Her smile had changed. The sweetness was gone, replaced by something vicious.
The corners of her mouth stretched into an exaggerated arc, revealing neat rows of teeth—like a terrifyingly patient predator that had finally watched its prey walk into the trap.
“The reason we’ve returned to this place of yours is naturally only one.”
She spoke slowly, emphasizing each word.
“We’ve come back for revenge.”
“Our creator.”
“Insect Mother.”
“Her Majesty Ella.”
Each title sounded like a step on a staircase, leading her higher and higher toward a peak of madness.
“Toward you.”
She took a deep breath, as if savoring every trace of fear in the air.
“Re—venge—”
The silver-haired girl—Ella—began struggling instinctively.
The chains rattled loudly as she pulled against them.

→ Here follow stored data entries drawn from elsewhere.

Definition complete (M : rep K n) (c : V n) (r : nat) : Prop :=
  (1 <= r)%N /\
  forall p : seq (V n), tpath p -> size p = r.+1 -> nth (vroot n) p r = c ->
    (forall i, (1 <= i <= r)%N -> rdim M (nth (vroot n) p i) != 0%N) ->
    rdim M (nth (vroot n) p 0) = rdim M (nth (vroot n) p 1).

End Reps.

From HB Require Import structures.
From mathcomp Require Import all_boot all_order all_algebra.
From mathcomp Require Import zify.
From Stdlib Require Import Classical_Prop.
Set Implicit Arguments. Unset Strict Implicit. Unset Printing Implicit Defensive.

(* Root T(n) at the center c.  Indecomposability makes the support of M
   closed under moving towards c (otherwise the branch beyond a gap splits
   off), so T(M) lies in the ball of radius r about c and its leaves at
   distance r are sinks.  At a sink x the incoming maps are jointly
   surjective, so dim (sigma M)_x is the sum of the neighbouring dimensions
   minus dim M_x: it vanishes beyond distance r, equals
   dim M_(parent z) - dim M_z at a leaf z, and is positive at a sink with two
   supported neighbours (else M would split along one of them).  Hence a path
   of T(M) with both ends in T(sigma M) lies in T(sigma M), and the diameter
   of sigma M is read off from the leaves z with dim M_z < dim M_(parent z):
   if there are none (M complete) it drops by 2, if two of them lie in
   different branches at c it stays d, and if they all lie in one branch
   {c, c'} it drops by 1. *)

Section Tree.
Variable n : nat.
Implicit Types (x y z v : V n) (s t u w : seq 'I_n).

Lemma nbr_seqK (i : 'I_n) s : reduced s -> nbr_seq i (nbr_seq i s) = s.
Proof.
case: s => [|a s] /=; first by rewrite eqxx.
case: eqP => [->|/eqP ai] Hs; last by rewrite /= eqxx.
by case: s Hs => [|a' s] //= /andP[+ _]; rewrite eq_sym => /negbTE ->.
Qed.

Lemma reduced_foldr_nbr w s : reduced w -> reduced (foldr (@nbr_seq n) w s).
Proof. by move=> Hw; elim: s => [|a s IH] //=; apply: nbr_reduced. Qed.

The skin on her wrists and ankles burned where the metal rings rubbed against it, but she couldn’t care less.
Her entire body was shaking, from her fingertips to the tips of her hair.
Even though she kept calling desperately for the Nest Tyrants in her mind to come save her, she received no response whatsoever.
On that originally exquisite and cold face, only one expression remained.
Fear.
Dieyi gazed at the terror on that face as if admiring a masterpiece she had waited her entire life to see completed.
Then, she did something Ella never expected.
She suddenly lifted her right foot backward.
Her right hand hooked the heel of her high-heeled boot in one smooth, elegant motion, like a step in a dance.
The high-heeled boot, adorned with fine scale powder, slipped off, revealing a foot wrapped in black stockings—the heel showing a faint pinkish tone beneath the black.
“I’ve wanted to do this for a long time.”
In the next instant, that foot came down.
It planted itself directly on the back of Ella’s head.
She forced Ella’s skull downward, lower and lower, until her forehead pressed against the cold floor.
Thud.
A soft impact sounded.
The pain in her forehead was dull and muffled, like being flicked on the head with a finger.
But what truly made Ella’s entire body go rigid was not the pain itself…
It was the position.
She was being stepped on the head and forced face-down onto the ground.
She was the Insect Mother!
The supreme existence on this island. The one who had even created the island itself!
And now she was being stepped on the head by a foot, pressed down onto the floor…
That foot didn’t stop there. Dieyi’s sole slowly rubbed against the back of Ella’s head.
The texture of the black stockings left warm trails across her scalp before continuing to press down harder, forcing Ella’s forehead even tighter against the ground.
“What’s wrong?”
Dieyi’s voice drifted down from above, carrying an almost delighted, lazy tone.
“My beloved creator, Your Majesty?”
Her foot ground down gently, as if stamping out a cigarette butt that still had a spark left.
“Go on, command your most trusted swarm. Come and kill me.”